Охота - Фукуда Эндрю (версия книг TXT) 📗
Когда мы с ним пошли плавать в следующий раз, я сделал то же самое. И еще кое-что. На этот раз, опустив голову под воду, я вытянул руки и начал грести ими. Одной за другой. Я скользил по воде, гребя и ногами. Было здорово. А потом я поднялся, захлебываясь водой, выкашливая ее. Отец забеспокоился и подошел ко мне, но я опять сорвался с места, гребя руками и ногами, оставив отца позади. Я чувствовал, что лечу.
Но когда я приплыл обратно, отец был рассержен и напуган. Ему не надо было ничего говорить (хотя он сказал, и не раз), я уже знал. Он назвал это «запрещенным приемом». И не хотел, чтобы я еще когда-нибудь так плавал. Потому я никогда этого не повторял.

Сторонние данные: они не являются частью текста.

(* Let $\mathcal{G}=(\mathcal{V},\mathcal{E})$ and $\tilde{\mathcal{G}}=(\tilde{\mathcal{V}},\tilde{\mathcal{E}})$ be reaction networks such that $\mathcal{G}\sqsubseteq\tilde{\mathcal{G}}$. If $\tilde{\mathcal{G}}$ is endotactic, then $\mathcal{G}$ is endotactic. Moreover, if $\tilde{\mathcal{G}}$ is strongly endotactic, then $\mathcal{G}$ is strongly endotactic.
   Context: A reaction network (E-graph) $\mathcal{G}=(\mathcal{V},\mathcal{E})$ is a finite directed graph whose nodes are distinct elements of a finite set $Y\subset\mathbb{R}^d_{\ge 0}$, with $\mathcal{V}\neq\emptyset$, every node incident to at least one edge, and no edge from a node to itself. For an edge $e$, $\mathbf{s}(e)$ is its source node, $\mathbf{t}(e)$ its target, $\mathbf{v}(e)=\mathbf{t}(e)-\mathbf{s}(e)$. Given positive rate constants $\mathcal{K}=(k_e)$, $\mathcal{G}$ generates $\mathbf{f}_{\mathcal{G}(\mathcal{K})}(\mathbf{x})=\sum_{e}k_e\mathbf{x}^{\mathbf{s}(e)}\mathbf{v}(e)$ ($\mathbf{x}^{\mathbf{y}}=\prod_i x_i^{y_i}$, $0^0=1$). $\mathcal{G}\sqsubseteq\tilde{\mathcal{G}}$ means: for every positive rate constants $\mathcal{K}$ for $\mathcal{G}$ there exist positive rate constants $\tilde{\mathcal{K}}$ for $\tilde{\mathcal{G}}$ with $\mathbf{f}_{\tilde{\mathcal{G}}(\tilde{\mathcal{K}})}=\mathbf{f}_{\mathcal{G}(\mathcal{K})}$ identically. $\mathcal{G}$ is endotactic if for every $\mathbf{w}\in\mathbb{R}^d$ and $e_i\in\mathcal{E}$ with $\mathbf{w}\cdot\mathbf{v}(e_i)<0$ there exists $e_j\in\mathcal{E}$ with $\mathbf{w}\cdot(\mathbf{s}(e_j)-\mathbf{s}(e_i))<0$ and $\mathbf{w}\cdot\mathbf{v}(e_j)>0$. It is strongly endotactic if moreover such $e_j$ can always be chosen so that additionally $\mathbf{w}\cdot(\mathbf{s}(e_j)-\mathbf{s}(e_k))\le 0$ for all $e_k\in\mathcal{E}$. *)

From HB Require Import structures.
From mathcomp Require Import all_boot all_order all_algebra.
From mathcomp Require Import all_classical all_reals.
From mathcomp Require Import exp.
Set Implicit Arguments. Unset Strict Implicit. Unset Printing Implicit Defensive.
Import Order.TTheory GRing.Theory Num.Theory.
Local Open Scope ring_scope.

Section RN.
Variables (R : realType) (d : nat).

Notation vec := 'rV[R]_d.

(* An edge is a (source, target) pair; a reaction network is given by its
   duplicate-free list of edges (nodes = endpoints of edges, so every node is
   incident to an edge). *)
Definition edge := (vec * vec)%type.
Definition src (e : edge) : vec := e.1.
Definition tgt (e : edge) : vec := e.2.
Definition rvec (e : edge) : vec := tgt e - src e.

Definition dot (w v : vec) : R := \sum_(i < d) w 0 i * v 0 i.

Definition nonneg_vec (y : vec) : Prop := forall i, 0 <= y 0 i.

Definition is_network (E : seq edge) : Prop :=
  [/\ E != [::], uniq E,
      forall e, e \in E -> src e != tgt e &
      forall e, e \in E -> nonneg_vec (src e) /\ nonneg_vec (tgt e)].

(* x^y = prod_i x_i^{y_i}, with 0^0 = 1 (powR convention) *)
Definition monom (x y : vec) : R := \prod_(i < d) powR (x 0 i) (y 0 i).

Definition rates_pos (E : seq edge) (k : edge -> R) : Prop :=
  forall e, e \in E -> 0 < k e.

Definition ma_field (E : seq edge) (k : edge -> R) (x : vec) : vec :=
  \sum_(e <- E) (k e * monom x (src e)) *: rvec e.

Definition realizable_by (E Et : seq edge) : Prop :=
  forall k, rates_pos E k ->
    exists kt, rates_pos Et kt /\
      forall x, nonneg_vec x -> ma_field Et kt x = ma_field E k x.

Definition endotactic (E : seq edge) : Prop :=
  forall (w : vec) ei, ei \in E -> dot w (rvec ei) < 0 ->
    exists ej, [/\ ej \in E, dot w (src ej - src ei) < 0 & dot w (rvec ej) > 0].

Definition strongly_endotactic (E : seq edge) : Prop :=
  forall (w : vec) ei, ei \in E -> dot w (rvec ei) < 0 ->
    exists ej, [/\ ej \in E, dot w (src ej - src ei) < 0, dot w (rvec ej) > 0 &
                   forall ek, ek \in E -> dot w (src ej - src ek) <= 0].

End RN.

(* Evaluating the mass-action field at the points x = exp (n w), n = 0, 1, 2, ...,
   turns its u-component into a power sum in n whose bases are the numbers
   expR (w . s(e)).  Power sums determine the total coefficient of each base, so
   realizability preserves, for every level c and direction u, the flux
   sum_{w . s(e) = c} k_e u . v(e).  Rates making one edge dominate its level thus
   move a w-decreasing edge of G to an edge of G~ at the same level, and every
   source level of G is one of G~.  Conversely, a level of G~ whose edges are all
   w-nondecreasing, one of them increasing, moves back to G.  (Strong)
   endotacticity of G~ provides such a level below (at the minimum of) the
   sources, hence the edge of G asked for. *)

From mathcomp Require Import all_boot all_order all_algebra.
From mathcomp Require Import all_classical all_reals.
From mathcomp Require Import sequences exp lra.
Import Order.TTheory GRing.Theory Num.Theory.
Local Open Scope ring_scope.

Set Implicit Arguments. Unset Strict Implicit.

Section PowerSums.
Variable F : idomainType.

Lemma power_sums_eq0 (s : seq (F * F)) :
  (forall n, \sum_(p <- s) p.2 * p.1 ^+ n = 0) ->
  forall x, \sum_(p <- s | p.1 == x) p.2 = 0.
Proof.
move=> hs x; pose P := \prod_(p <- s | p.1 != x) ('X - p.1%:P).
have P_vanish q : q \in s -> q.1 != x -> P.[q.1] = 0.
  move=> qs qx; apply/eqP; rewrite horner_prod prodf_seq_eq0.
  by apply/hasP; exists q; rewrite // qx hornerXsubC subrr eqxx.
have Px_neq0 : P.[x] != 0.
  rewrite horner_prod prodf_seq_neq0; apply/allP => q _.
  by apply/implyP => qx; rewrite hornerXsubC subr_eq0 eq_sym.
have : \sum_(p <- s) p.2 * P.[p.1] = 0.
  under eq_bigr => p _ do rewrite horner_coef mulr_sumr.
  rewrite exchange_big big1 // => i _.
  by under eq_bigr => p _ do rewrite mulrCA; rewrite -mulr_sumr hs mulr0.
have -> : \sum_(p <- s) p.2 * P.[p.1] = (\sum_(p <- s | p.1 == x) p.2) * P.[x].
  rewrite mulr_suml [RHS]big_mkcond; apply: eq_big_seq => p ps /=.
  by case: eqP => [<- // | /eqP px]; rewrite P_vanish ?mulr0.
by move/eqP; rewrite mulf_eq0 (negPf Px_neq0) orbF => /eqP.
Qed.

End PowerSums.

Section WeightedSums.
Variables (R : realFieldType) (T : eqType).
Implicit Types (r : seq T) (P : pred T) (f : T -> R).

Lemma sumr_lt0_witness r P f :
  \sum_(i <- r | P i) f i < 0 -> exists2 i, i \in r & P i && (f i < 0).
Proof.
have [/hasP //|/hasPn hn] := boolP (has (fun i => P i && (f i < 0)) r).
rewrite big_seq_cond ltNge sumr_ge0 // => i /andP[ir Pi].
by move: (hn i ir); rewrite Pi -leNgt.
Qed.

Lemma sumr_gt0_witness r P f :
  0 < \sum_(i <- r | P i) f i -> exists2 i, i \in r & P i && (0 < f i).
Proof.
rewrite -oppr_lt0 -sumrN => /sumr_lt0_witness[i ir /andP[Pi]].
by rewrite oppr_lt0 => fi; exists i; rewrite ?Pi.
Qed.

Lemma exists_weights_sum_lt0 r P f i0 :
  uniq r -> i0 \in r -> P i0 -> f i0 < 0 ->
  exists2 k : T -> R, forall i, i \in r -> 0 < k i &
    \sum_(i <- r | P i) k i * f i < 0.
Proof.
move=> r_uniq i0r Pi0 fi0; set S := \sum_(i <- r | i != i0) (if P i then f i else 0).
pose M := (`|S| + 1) / - f i0.
have M_gt0 : 0 < M by rewrite divr_gt0 ?oppr_gt0 // ltr_pwDr.
exists (fun i => if i == i0 then M else 1) => [i _|]; first by case: eqP.
rewrite big_mkcond (bigD1_seq i0) //= eqxx Pi0.
rewrite (eq_bigr (fun i => if P i then f i else 0)) -/S => [|i /negPf ->]; last first.
  by case: (P i); rewrite ?mul1r.
have : M * - f i0 = `|S| + 1 by rewrite divfK // oppr_eq0 lt_eqF.
by have := ler_norm S; lra.
Qed.

End WeightedSums.

Section SeqArgmin.
Variables (disp : Order.disp_t) (O : orderType disp) (T : eqType).

Lemma exists_argmin_seq (r : seq T) (f : T -> O) :
  r != [::] -> exists2 i, i \in r & forall j, j \in r -> (f i <= f j)%O.
Proof.
elim: r => [//|a [|b r] IH] _.
  by exists a => [|j]; rewrite ?mem_head // inE => /eqP ->.
have [m mr hm] := IH isT; have [fam|fma] := leP (f a) (f m).
- exists a => [|j]; first exact: mem_head.
  by rewrite inE => /orP[/eqP -> // | /hm]; apply: le_trans.
- exists m => [|j]; first by rewrite inE mr orbT.
  by rewrite inE => /orP[/eqP -> | /hm //]; apply: ltW.
Qed.

End SeqArgmin.

Section Networks.
Variables (R : realType) (d : nat).
Local Notation vec := 'rV[R]_d.
Local Notation edge := (edge R d).
Implicit Types (E Et L : seq edge) (k : edge -> R) (u v w y : vec).

Lemma dot_sumr (I : Type) (r : seq I) (F : I -> vec) u :
  dot u (\sum_(i <- r) F i) = \sum_(i <- r) dot u (F i).
Proof.
rewrite /dot exchange_big; apply: eq_bigr => j _.
by rewrite summxE mulr_sumr.
Qed.

Lemma dotZl a u v : dot (a *: u) v = a * dot u v.
Proof. by rewrite /dot mulr_sumr; apply: eq_bigr => i _; rewrite mxE mulrA. Qed.

Lemma dotZr a u v : dot u (a *: v) = a * dot u v.
Proof. by rewrite /dot mulr_sumr; apply: eq_bigr => i _; rewrite mxE mulrCA. Qed.

Lemma dotNl u v : dot (- u) v = - dot u v.
Proof. by rewrite -scaleN1r dotZl mulN1r. Qed.

Lemma dotBr u v y : dot u (v - y) = dot u v - dot u y.
Proof.
by rewrite /dot -sumrB; apply: eq_bigr => i _; rewrite !mxE mulrBr.
Qed.

Lemma dot_self_gt0 v : v != 0 -> 0 < dot v v.
Proof.
have sq_ge0 i : 0 <= v 0 i * v 0 i by rewrite -expr2 sqr_ge0.
move=> v_neq0; rewrite lt_def sumr_ge0 ?andbT //.
apply: contra v_neq0 => /eqP /psumr_eq0P v0; apply/eqP/rowP => i.
by apply/eqP; rewrite mxE -sqrf_eq0 expr2 v0.
Qed.

Definition exp_point w : vec := \row_i expR (w 0 i).

Lemma exp_point_nonneg w : nonneg_vec (exp_point w).
Proof. by move=> i; rewrite mxE expR_ge0. Qed.

Lemma monom_exp_point w y : monom (exp_point w) y = expR (dot w y).
Proof.
rewrite /monom /dot expR_sum; apply: eq_bigr => i _.
by rewrite mxE /powR expR_eq0 expRK mulrC.
Qed.

Lemma dot_ma_field_exp_point u w L k n :
  dot u (ma_field L k (exp_point (n%:R *: w))) =
  \sum_(e <- L) k e * dot u (rvec e) * expR (dot w (src e)) ^+ n.
Proof.
rewrite /ma_field dot_sumr; apply: eq_bigr => e _.
by rewrite dotZr monom_exp_point dotZl expRM_natl mulrAC.
Qed.

Definition flux L k w c u : R :=
  \sum_(e <- L | dot w (src e) == c) k e * dot u (rvec e).

Lemma realizable_flux E Et k : realizable_by E Et -> rates_pos E k ->
  exists2 kt, rates_pos Et kt & forall w c u, flux Et kt w c u = flux E k w c u.
Proof.
move=> EEt k_gt0; have [kt [kt_gt0 same_field]] := EEt k k_gt0.
exists kt => // w c u; apply/eqP; rewrite -subr_eq0; apply/eqP.
pose s := [seq (expR (dot w (src e)), kt e * dot u (rvec e)) | e <- Et] ++
          [seq (expR (dot w (src e)), - (k e * dot u (rvec e))) | e <- E].
have := power_sums_eq0 (s := s) _ (expR c).
rewrite big_cat !big_map /= sumrN /flux.
under eq_bigl => e do rewrite (inj_eq (@expR_inj R)).
under [X in _ - X]eq_bigl => e do rewrite (inj_eq (@expR_inj R)).
apply=> n; rewrite big_cat !big_map /=.
have := congr1 (dot u) (same_field _ (exp_point_nonneg (n%:R *: w))).
rewrite !dot_ma_field_exp_point => ->.
by rewrite -big_split big1 // => e _; rewrite /= mulNr subrr.
Qed.

Lemma realizable_neg_at_level E Et w u e :
  realizable_by E Et -> uniq E -> e \in E -> dot u (rvec e) < 0 ->
  exists e', [/\ e' \in Et, dot w (src e') = dot w (src e) & dot u (rvec e') < 0].
Proof.
move=> EEt E_uniq eE neg.
have [k k_gt0] := exists_weights_sum_lt0
  (P := fun f => dot w (src f) == dot w (src e)) (f := fun f => dot u (rvec f))
  E_uniq eE (eqxx _) neg.
have [kt kt_gt0 same_flux] := realizable_flux EEt k_gt0.
rewrite -[X in X < 0]/(flux E k w _ u) -same_flux.
move=> /sumr_lt0_witness[e' e'Et /andP[/eqP lvl]].
by rewrite pmulr_rlt0 ?kt_gt0 // => neg'; exists e'.
Qed.

Lemma realizable_pos_at_level E Et w u e' :
  realizable_by E Et -> e' \in Et -> 0 < dot u (rvec e') ->
  (forall f, f \in Et -> dot w (src f) = dot w (src e') -> 0 <= dot u (rvec f)) ->
  exists e, [/\ e \in E, dot w (src e) = dot w (src e') & 0 < dot u (rvec e)].
Proof.
move=> EEt e'Et pos flat.
have [kt kt_gt0 same_flux] := realizable_flux EEt (k := fun=> 1) (fun _ _ => ltr01).
have term_ge0 f : f \in Et -> dot w (src f) == dot w (src e') ->
    0 <= kt f * dot u (rvec f).
  by move=> fEt /eqP lvl; rewrite mulr_ge0 ?flat ?ltW ?kt_gt0.
have : 0 < flux Et kt w (dot w (src e')) u.
  rewrite /flux big_seq_cond lt_def sumr_ge0 ?andbT => [|f /andP[]]; last exact: term_ge0.
  rewrite psumr_neq0 => [|f /andP[]]; last exact: term_ge0.
  by apply/hasP; exists e'; rewrite // e'Et eqxx mulr_gt0 ?kt_gt0.
rewrite same_flux => /sumr_gt0_witness[e eE /andP[/eqP lvl]].
by rewrite mul1r => pos'; exists e.
Qed.

Lemma realizable_src_level E Et w e :
  realizable_by E Et -> is_network E -> e \in E ->
  exists2 e', e' \in Et & dot w (src e') = dot w (src e).
Proof.
move=> EEt [_ E_uniq src_neq_tgt _] eE.
have rvec_neq0 : rvec e != 0 by rewrite subr_eq0 eq_sym src_neq_tgt.
have [|e' [e'Et lvl _]] := realizable_neg_at_level w EEt E_uniq eE (u := - rvec e).
  by rewrite dotNl oppr_lt0 dot_self_gt0.
by exists e'.
Qed.

Lemma endotactic_pos_level_below L w e :
  endotactic L -> e \in L -> dot w (rvec e) < 0 ->
  exists e', [/\ e' \in L, dot w (src e') < dot w (src e), 0 < dot w (rvec e') &
    forall f, f \in L -> dot w (src f) = dot w (src e') -> 0 <= dot w (rvec f)].
Proof.
move=> endoL eL neg.
pose low := [seq f <- L | (dot w (src f) <= dot w (src e)) && (dot w (rvec f) < 0)].
have e_low : e \in low by rewrite mem_filter lexx neg.
have [|m] := exists_argmin_seq (fun f => dot w (src f)) (_ : low != [::]).
  by apply: contraTneq e_low => ->.
rewrite mem_filter => /andP[/andP[m_le m_neg] mL] m_min.
have [e' [e'L + pos]] := endoL w m mL m_neg; rewrite dotBr subr_lt0 => e'_lt_m.
exists e'; split => //; first exact: lt_le_trans m_le.
move=> f fL lvl; rewrite leNgt; apply/negP => f_neg.
have : dot w (src m) <= dot w (src f).
  by apply: m_min; rewrite mem_filter f_neg fL lvl (ltW (lt_le_trans e'_lt_m m_le)).
by rewrite lvl leNgt e'_lt_m.
Qed.

Lemma strongly_endotactic_pos_min_level L w e :
  strongly_endotactic L -> e \in L -> dot w (rvec e) < 0 ->
  exists e', [/\ e' \in L, dot w (src e') < dot w (src e), 0 < dot w (rvec e'),
    forall f, f \in L -> dot w (src e') <= dot w (src f) &
    forall f, f \in L -> dot w (src f) = dot w (src e') -> 0 <= dot w (rvec f)].
Proof.
move=> sendoL eL neg.
have [e' [e'L + pos e'_min]] := sendoL w e eL neg; rewrite dotBr subr_lt0 => e'_lt_e.
have {}e'_min f : f \in L -> dot w (src e') <= dot w (src f).
  by move/e'_min; rewrite dotBr subr_le0.
exists e'; split => // f fL lvl; rewrite leNgt; apply/negP => f_neg.
have [g [gL + _ _]] := sendoL w f fL f_neg; rewrite dotBr subr_lt0 lvl => g_lt.
by have := e'_min g gL; rewrite leNgt g_lt.
Qed.

End Networks.

Theorem lemma3 (R : realType) (d : nat) (E Et : seq (edge R d)) :
  is_network E -> is_network Et -> realizable_by E Et ->
  (endotactic Et -> endotactic E) /\
  (strongly_endotactic Et -> strongly_endotactic E).
Proof.
move=> netE _ EEt; have [_ E_uniq _ _] := netE; split.
- move=> endoEt w ei eiE neg.
  have [e1 [e1Et lvl1 neg1]] := realizable_neg_at_level w EEt E_uniq eiE neg.
  have [e' [e'Et below pos flat]] := endotactic_pos_level_below endoEt e1Et neg1.
  have [e2 [e2E lvl2 pos2]] := realizable_pos_at_level EEt e'Et pos flat.
  by exists e2; rewrite dotBr subr_lt0 lvl2 -lvl1.
- move=> sendoEt w ei eiE neg.
  have [e1 [e1Et lvl1 neg1]] := realizable_neg_at_level w EEt E_uniq eiE neg.
  have [e' [e'Et below pos e'_min flat]] := strongly_endotactic_pos_min_level sendoEt e1Et neg1.
  have [e2 [e2E lvl2 pos2]] := realizable_pos_at_level EEt e'Et pos flat.
  exists e2; split => //; first by rewrite dotBr subr_lt0 lvl2 -lvl1.
  move=> ek ekE; have [ek' ek'Et lvlk] := realizable_src_level w EEt netE ekE.
  by rewrite dotBr subr_le0 lvl2 -lvlk e'_min.
Qed.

Но сегодня я замерзаю. Все просто плещутся, даже болтают, а мне хочется грести во всю силу, чтобы согреться.
И тут я это чувствую. Дрожь проходит по всему телу.
Я поднимаю правую руку. Она вся усыпана гусиной кожей, нелепыми бугорками, как на охлажденной курице. Шлепаю ногами сильнее. Слишком сильно. Врезаюсь головой в ноги плывущего впереди. Он сердито оглядывается на меня.
Я замедляюсь.
Холод проникает в мои кости. Я знаю, что надо делать. Выбраться из воды, пока дрожь не стала неконтролируемой, сбежать в раздевалку. Но когда поднимаю левую руку, гусиная кожа — отвратительная, похожая на пузырчатую пленку — высыпает и на ней, так что все могут ее видеть. Тут что-то странное происходит с моей нижней челюстью, она начинает трястись, вибрировать так, что зубы стучат. Я стискиваю зубы.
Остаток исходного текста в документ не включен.